Gilinsky picks up clients in Somerville, but all the tastings take place in Portsmouth.
According to the market research company Mintel, sales of craft beer reached $20 billion in 2014, doubling sales in just five years. Mintel forecasted that number will reach over $36 billion by 2019. In its research, it found that 55 percent of respondents said they were willing to spend more for craft beer than for non-craft.

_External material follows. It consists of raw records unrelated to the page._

(* Let $k,n$ be integers with $2\le k\le n$. Then \[ S(n,n-k,k)=\binom{n}{k}-T(n,k+1,k). \] Moreover, if $k\le n-1$, then also $T(n,k+1,k)=C(n,n-k,n-k-1)$, so that $C(n,n-k,n-k-1)=\binom nk - S(n,n-k,k)$.
   Context: A CNF formula over variables $x_1,\dots,x_n$ is a conjunction of clauses, each clause a disjunction of literals (variables or negated variables); the width of a clause is its number of literals; a $k$-CNF is a CNF all of whose clauses have width at most $k$. For an assignment $a\in\{0,1\}^n$, $\mathrm{wt}(a)=\sum_i a_i$ is its Hamming weight. For a formula $F$, $\mathrm{sat}_t(F)$ is the set of satisfying assignments of $F$ of Hamming weight exactly $t$. $F$ is called $t$-admissible if it has no satisfying assignment of Hamming weight less than $t$. $S(n,t,k)$ is the maximum of $|\mathrm{sat}_t(F)|$ over all $t$-admissible $k$-CNF formulas $F$ on $n$ variables. A $k$-set system over a universe $U$ is a collection of $k$-element subsets of $U$; its size is the number of sets. The Turán number $T(n,q,k)$ is the size of the smallest $k$-set system $\mathcal S$ over $[n]$ such that every $q$-element subset of $[n]$ contains at least one member of $\mathcal S$ (if $q>n$ this is vacuous and $T(n,q,k)=0$). The covering number $C(n,q,k)$ is the size of the smallest $q$-set system $\mathcal S$ over $[n]$ such that every $k$-element subset of $[n]$ is contained in at least one member of $\mathcal S$. *)

From mathcomp Require Import all_boot all_order all_algebra.
Set Implicit Arguments. Unset Strict Implicit. Unset Printing Implicit Defensive.

(* Variables x_1..x_n are indexed by 'I_n.
   A literal is a pair (i, b): (i, true) is x_i, (i, false) is the negation of x_i. *)
Definition literal (n : nat) := ('I_n * bool)%type.
Definition clause (n : nat) := {set literal n}.
Definition cnf (n : nat) := {set clause n}.
Definition assignment (n : nat) := {ffun 'I_n -> bool}.

Definition wt n (a : assignment n) : nat := \sum_(i < n) nat_of_bool (a i).

Definition lit_sat n (a : assignment n) (l : literal n) : bool := a l.1 == l.2.
Definition clause_sat n (a : assignment n) (C : clause n) : bool :=
  [exists l in C, lit_sat a l].
Definition cnf_sat n (a : assignment n) (F : cnf n) : bool :=
  [forall C in F, clause_sat a C].

Definition width n (C : clause n) : nat := #|C|.
Definition is_kcnf n (k : nat) (F : cnf n) : bool := [forall C in F, width C <= k].

Definition sat_t n (t : nat) (F : cnf n) : {set assignment n} :=
  [set a | cnf_sat a F & wt a == t].

Definition admissible n (t : nat) (F : cnf n) : bool :=
  [forall a : assignment n, cnf_sat a F ==> (t <= wt a)].

(* S(n,t,k): maximum of |sat_t(F)| over t-admissible k-CNF F on n variables.
   (The candidate set is nonempty: the formula consisting of the empty clause
   is admissible and a k-CNF.) *)
Definition S (n t k : nat) : nat :=
  \max_(F : cnf n | admissible t F && is_kcnf k F) #|sat_t t F|.

(* Minimum over a predicate of set systems; the default value (the number of
   all set systems) is an upper bound of every candidate size, and is only
   returned when there are no candidates. *)
Definition min_size n (P : pred {set {set 'I_n}}) : nat :=
  \big[minn/#|[set: {set {set 'I_n}}]|]_(Sy | P Sy) #|Sy|.

Definition turan_ok n (q k : nat) (Sy : {set {set 'I_n}}) : bool :=
  [forall A in Sy, #|A| == k] &&
  [forall Q : {set 'I_n}, (#|Q| == q) ==> [exists A in Sy, A \subset Q]].
Definition T (n q k : nat) : nat := min_size (@turan_ok n q k).

Definition cover_ok n (q k : nat) (Sy : {set {set 'I_n}}) : bool :=
  [forall A in Sy, #|A| == q] &&
  [forall K : {set 'I_n}, (#|K| == k) ==> [exists A in Sy, K \subset A]].
Definition C (n q k : nat) : nat := min_size (@cover_ok n q k).

(* Identify an assignment with its set of zeros Z, so that weight n - k means
   #|Z| = k.  For a (n-k)-admissible k-CNF F, the k-sets Z whose assignment
   falsifies F form a Turan (k+1, k)-system: a (k+1)-set Q has weight below
   n - k, hence falsifies some clause C of width at most k, and deleting from Q
   a point j such that x_j is not a literal of C leaves C falsified.
   Conversely the positive k-CNF with one clause per member of a Turan system
   is (n-k)-admissible and is falsified by exactly the members of the system.
   Hence S(n, n-k, k) + T(n, k+1, k) = C(n, k).  Complementation exchanges
   Turan (k+1, k)-systems and (n-k, n-k-1)-coverings. *)

From mathcomp Require Import all_boot all_order all_algebra.
From mathcomp Require Import zify.
Set Implicit Arguments. Unset Strict Implicit. Unset Printing Implicit Defensive.

Section MinSize.
Variable n : nat.
Implicit Types (P Q : pred {set {set 'I_n}}) (Sy : {set {set 'I_n}}).

Lemma card_set_system_lt_default Sy : #|Sy| < #|[set: {set {set 'I_n}}]|.
Proof.
have -> : [set: {set {set 'I_n}}] = powerset [set: {set 'I_n}].
  by apply/setP => A; rewrite inE powersetE subsetT.
rewrite card_powerset; apply: leq_ltn_trans (ltn_expl _ (ltnSn 1)).
by rewrite cardsT max_card.
Qed.

Lemma min_size_le P Sy : P Sy -> min_size P <= #|Sy|.
Proof.
move=> PSy; rewrite /min_size.
elim: (index_enum _) (mem_index_enum Sy) => //= Sy' s IHs.
rewrite inE big_cons => /orP[/eqP <-|/IHs le_s]; first by rewrite PSy geq_minl.
by case: (P Sy') => //; rewrite geq_min le_s orbT.
Qed.

Lemma min_size_attained P Sy0 : P Sy0 -> exists2 Sy, P Sy & min_size P = #|Sy|.
Proof.
move=> PSy0; have [Sy PSy minSy] := arg_minnP (fun Sy => #|Sy|) PSy0.
exists Sy => //; apply/eqP; rewrite eqn_leq min_size_le //=.
rewrite /min_size; elim/big_ind: _ => [|x y hx hy|Sy' /minSy //].
- exact: ltnW (card_set_system_lt_default _).
- by rewrite leq_min hx hy.
Qed.

Lemma min_size_mono P Q :
  (forall Sy, P Sy -> exists2 Sy', Q Sy' & #|Sy'| <= #|Sy|) ->
  min_size Q <= min_size P.
Proof.
move=> PQ; have [Sy PSy|P0] := pickP P.
  have [Sy1 PSy1 ->] := min_size_attained PSy.
  have [Sy' QSy' le_Sy'] := PQ _ PSy1.
  exact: leq_trans (min_size_le QSy') le_Sy'.
rewrite {2}/min_size big_pred0 // /min_size.
elim/big_ind: _ => // [x y hx _|Sy _]; first by rewrite geq_min hx.
exact: ltnW (card_set_system_lt_default _).
Qed.

End MinSize.

Section Zeros.
Variable n : nat.

Definition zeros (a : assignment n) : {set 'I_n} := [set i | ~~ a i].
Definition of_zeros (Z : {set 'I_n}) : assignment n := [ffun i => i \notin Z].

Lemma of_zerosK : cancel of_zeros zeros.
Proof. by move=> Z; apply/setP => i; rewrite !inE ffunE negbK. Qed.

Lemma zerosK : cancel zeros of_zeros.
Proof. by move=> a; apply/ffunP => i; rewrite ffunE inE negbK. Qed.

Lemma card_set_ord_le (Z : {set 'I_n}) : #|Z| <= n.
Proof. by rewrite -[leqRHS](card_ord n) max_card. Qed.

Lemma wt_of_zeros Z : wt (of_zeros Z) = n - #|Z|.
Proof.
have cardZC : #|Z| + #|~: Z| = n by rewrite cardsC card_ord.
suff -> : wt (of_zeros Z) = #|~: Z| by lia.
rewrite /wt -sum1_card [RHS]big_mkcond /=; apply: eq_bigr => i _.
by rewrite ffunE inE; case: (i \in Z).
Qed.

Lemma wt_zeros a : wt a = n - #|zeros a|.
Proof. by rewrite -{1}(zerosK a) wt_of_zeros. Qed.

End Zeros.

Section Falsified.
Variables n k : nat.
Hypothesis le_kn : k <= n.

Definition falsified_ksets (F : cnf n) : {set {set 'I_n}} :=
  [set Z : {set 'I_n} | (#|Z| == k) && ~~ cnf_sat (of_zeros Z) F].

Lemma card_sat_t_falsified F :
  #|sat_t (n - k) F| + #|falsified_ksets F| = 'C(n, k).
Proof.
have sat_tE : sat_t (n - k) F =
    @of_zeros n @: [set Z : {set 'I_n} | (#|Z| == k) && cnf_sat (of_zeros Z) F].
  apply/setP => a; rewrite inE; apply/andP/imsetP => [[sat_a /eqP wt_a]|].
    exists (zeros a); last by rewrite zerosK.
    rewrite inE zerosK sat_a andbT; apply/eqP.
    by move: wt_a; rewrite wt_zeros; have := card_set_ord_le (zeros a); lia.
  by case=> Z; rewrite inE => /andP[/eqP cardZ satZ] ->; rewrite wt_of_zeros cardZ.
rewrite sat_tE card_imset; last exact: can_inj (@of_zerosK n).
rewrite -[n in 'C(n, _)](card_ord n) -card_draws.
rewrite -(cardsID [set Z | cnf_sat (of_zeros Z) F] [set Z : {set 'I_n} | #|Z| == k]).
by congr (_ + _); apply: eq_card => Z; rewrite !inE // andbC.
Qed.

Lemma clause_unsat_setD1 (C : clause n) (Q : {set 'I_n}) j :
  ~~ clause_sat (of_zeros Q) C -> (j, true) \notin C ->
  ~~ clause_sat (of_zeros (Q :\ j)) C.
Proof.
move=> unsatC jC; apply: contra unsatC => /exists_inP[[i b] iC].
rewrite /lit_sat /= !ffunE => sat_ib; apply/exists_inP; exists (i, b) => //.
rewrite /lit_sat /= ffunE; have [eq_ij|ne_ij] := eqVneq i j.
  by move: sat_ib iC jC; rewrite eq_ij setD11 => /eqP <- ->.
by rewrite in_setD1 ne_ij in sat_ib.
Qed.

Lemma falsified_turan_ok F :
  admissible (n - k) F -> is_kcnf k F -> turan_ok k.+1 k (falsified_ksets F).
Proof.
move=> admF kcnfF; apply/andP; split.
  by apply/forall_inP => A; rewrite inE => /andP[].
apply/forallP => Q; apply/implyP => /eqP cardQ.
have unsatQ : ~~ cnf_sat (of_zeros Q) F.
  apply/negP => satQ; have := forallP admF (of_zeros Q).
  by rewrite satQ wt_of_zeros cardQ; have := card_set_ord_le Q; lia.
have [C CF unsatC] : exists2 C, C \in F & ~~ clause_sat (of_zeros Q) C.
  by move: unsatQ; rewrite negb_forall_in => /exists_inP.
have [j jQ jC] : exists2 j, j \in Q & (j, true) \notin C.
  apply/exists_inP; rewrite -negb_forall_in; apply/negP => /forall_inP QC.
  have := forall_inP kcnfF C CF; rewrite /width leqNgt -cardQ.
  rewrite -(card_imset Q (fun i j => @congr1 _ _ fst _ _ : (i, true) = (j, true) -> i = j)).
  by rewrite subset_leq_card //; apply/subsetP => _ /imsetP[i /QC iC ->].
apply/exists_inP; exists (Q :\ j); last exact: subsetDl.
have cardQj : #|Q :\ j| = k by have := cardsD1 j Q; rewrite jQ cardQ; lia.
rewrite inE cardQj eqxx /= negb_forall_in.
by apply/exists_inP; exists C => //; apply: clause_unsat_setD1.
Qed.

Definition positive_clause (A : {set 'I_n}) : clause n := [set (i, true) | i in A].

Definition positive_cnf (Sy : {set {set 'I_n}}) : cnf n :=
  positive_clause @: Sy.

Lemma cnf_sat_positive Sy a :
  cnf_sat a (positive_cnf Sy) = [forall A in Sy, ~~ (A \subset zeros a)].
Proof.
apply/forall_inP/forall_inP => sat_a A ASy.
  case/exists_inP: (sat_a _ (imset_f _ ASy)) => _ /imsetP[i iA ->] /eqP ai.
  by apply/subsetPn; exists i; rewrite // inE ai.
case/imsetP: ASy => B BSy ->; case/subsetPn: (sat_a B BSy) => i iB.
rewrite inE negbK => ai; apply/exists_inP; exists (i, true); first exact: imset_f.
by rewrite /lit_sat ai.
Qed.

Section PositiveCnf.
Variable Sy : {set {set 'I_n}}.
Hypothesis turanSy : turan_ok k.+1 k Sy.

Let card_Sy : {in Sy, forall A : {set 'I_n}, #|A| = k}.
Proof. by case/andP: turanSy => /forall_inP cardSy _ A /cardSy/eqP. Qed.

Lemma positive_cnf_kcnf : is_kcnf k (positive_cnf Sy).
Proof.
apply/forall_inP => _ /imsetP[A ASy ->].
by rewrite /width -[leqRHS](card_Sy ASy) leq_imset_card.
Qed.

Lemma positive_cnf_admissible : admissible (n - k) (positive_cnf Sy).
Proof.
apply/forallP => a; apply/implyP; rewrite cnf_sat_positive => /forall_inP sat_a.
rewrite leqNgt; apply/negP => lt_wt.
have : k.+1 <= #|zeros a|.
  by move: lt_wt; rewrite wt_zeros; have := card_set_ord_le (zeros a); lia.
case/card_geqP => s [uniq_s size_s sub_s].
have cardQ : #|[set x in s]| == k.+1 by rewrite cardsE (card_uniqP uniq_s) size_s.
case/andP: turanSy => _ /forallP/(_ [set x in s])/implyP/(_ cardQ).
case/exists_inP => A ASy AQ; apply: (negP (sat_a A ASy)).
by apply: subset_trans AQ _; apply/subsetP => x; rewrite inE => /sub_s.
Qed.

Lemma falsified_positive_cnf : falsified_ksets (positive_cnf Sy) = Sy.
Proof.
apply/setP => Z; rewrite inE cnf_sat_positive of_zerosK negb_forall_in.
apply/andP/idP => [[/eqP cardZ /exists_inP[A ASy /negPn AZ]]|ZSy].
  suff <- : A = Z by [].
  by apply/eqP; rewrite eqEcard AZ cardZ (card_Sy ASy) leqnn.
by rewrite (card_Sy ZSy); split=> //; apply/exists_inP; exists Z; rewrite ?subxx.
Qed.

End PositiveCnf.

Lemma turan_ok_ksets : turan_ok k.+1 k [set A : {set 'I_n} | #|A| == k].
Proof.
apply/andP; split; first by apply/forall_inP => A; rewrite inE.
apply/forallP => Q; apply/implyP => /eqP cardQ.
have /card_gt0P[j jQ] : 0 < #|Q| by rewrite cardQ.
apply/exists_inP; exists (Q :\ j); last exact: subsetDl.
by rewrite inE; apply/eqP; have := cardsD1 j Q; rewrite jQ cardQ; lia.
Qed.

Lemma S_add_T : S n (n - k) k + T n k.+1 k = 'C(n, k).
Proof.
have [Sy turanSy minSy] := min_size_attained turan_ok_ksets.
have S_ge : 'C(n, k) - T n k.+1 k <= S n (n - k) k.
  rewrite /T minSy -(falsified_positive_cnf turanSy).
  rewrite -(card_sat_t_falsified (positive_cnf Sy)) addnK.
  apply: (leq_bigmax_cond (positive_cnf Sy)).
  by rewrite positive_cnf_admissible ?positive_cnf_kcnf.
have S_le : S n (n - k) k <= 'C(n, k) - T n k.+1 k.
  apply/bigmax_leqP => F /andP[admF kcnfF].
  have := min_size_le (falsified_turan_ok admF kcnfF).
  by have := card_sat_t_falsified F; rewrite /T; lia.
have T_le : T n k.+1 k <= 'C(n, k).
  by rewrite -[n in 'C(n, _)](card_ord n) -card_draws min_size_le ?turan_ok_ksets.
lia.
Qed.

End Falsified.

Section Complement.
Variables n k : nat.
Hypothesis lt_kn : k < n.

Definition complements (Sy : {set {set 'I_n}}) : {set {set 'I_n}} := [set ~: A | A in Sy].

Lemma card_complements Sy : #|complements Sy| = #|Sy|.
Proof. exact/card_imset/setC_inj. Qed.

Lemma card_setC_ord (A : {set 'I_n}) : #|~: A| = n - #|A|.
Proof. by rewrite cardsCs setCK card_ord. Qed.

Lemma turan_ok_complements Sy :
  turan_ok k.+1 k Sy -> cover_ok (n - k) (n - k - 1) (complements Sy).
Proof.
case/andP => /forall_inP cardSy /forallP turanSy; apply/andP; split.
  by apply/forall_inP => _ /imsetP[A /cardSy/eqP cardA ->]; rewrite card_setC_ord cardA.
apply/forallP => K; apply/implyP => /eqP cardK.
have cardKC : #|~: K| == k.+1.
  by rewrite card_setC_ord cardK; apply/eqP; lia.
case/exists_inP: (implyP (turanSy _) cardKC) => A ASy AK.
by apply/exists_inP; exists (~: A); rewrite ?imset_f // subsetC.
Qed.

Lemma cover_ok_complements Sy :
  cover_ok (n - k) (n - k - 1) Sy -> turan_ok k.+1 k (complements Sy).
Proof.
case/andP => /forall_inP cardSy /forallP coverSy; apply/andP; split.
  apply/forall_inP => _ /imsetP[A /cardSy/eqP cardA ->].
  by rewrite card_setC_ord cardA; apply/eqP; lia.
apply/forallP => Q; apply/implyP => /eqP cardQ.
have cardQC : #|~: Q| == n - k - 1.
  by rewrite card_setC_ord cardQ; apply/eqP; lia.
case/exists_inP: (implyP (coverSy _) cardQC) => A ASy QA.
by apply/exists_inP; exists (~: A); rewrite ?imset_f // subCset.
Qed.

Lemma T_eq_C : T n k.+1 k = C n (n - k) (n - k - 1).
Proof.
apply/eqP; rewrite eqn_leq; apply/andP; split; apply: min_size_mono => Sy okSy.
  by exists (complements Sy); rewrite ?cover_ok_complements ?card_complements.
by exists (complements Sy); rewrite ?turan_ok_complements ?card_complements.
Qed.

End Complement.

Theorem theorem1 (n k : nat) (hk2 : 2 <= k) (hkn : k <= n) :
  ((S n (n - k) k)%:Z = ('C(n, k))%:Z - (T n k.+1 k)%:Z)%R /\
  (k <= n - 1 ->
     T n k.+1 k = C n (n - k) (n - k - 1) /\
     ((C n (n - k) (n - k - 1))%:Z = ('C(n, k))%:Z - (S n (n - k) k)%:Z)%R).
Proof.
have S_T := S_add_T hkn.
split; first lia.
move=> le_k_pred_n; have T_C : T n k.+1 k = C n (n - k) (n - k - 1).
  by apply: T_eq_C; lia.
by split=> //; rewrite -T_C; lia.
Qed.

I think Rubin and I contributed a fair amount toward the multibillion-dollar craft beer industry during our tasting weekend. Rubin is a true craft beer personal trainer. Just when I thought I could take no more, he'd suggest another place that I must experience.
By the end of it all, I was overwhelmed, tipsy, and ready to take a monthlong beer breather. I could feel the beginnings of a beer gut, but the minor weight gain was worth the knowledge that I had gained. Beer snobs beware, I can now intelligently discuss the differences between a malt and a porter, and at the very least I can feign knowledge on the topic of gruits.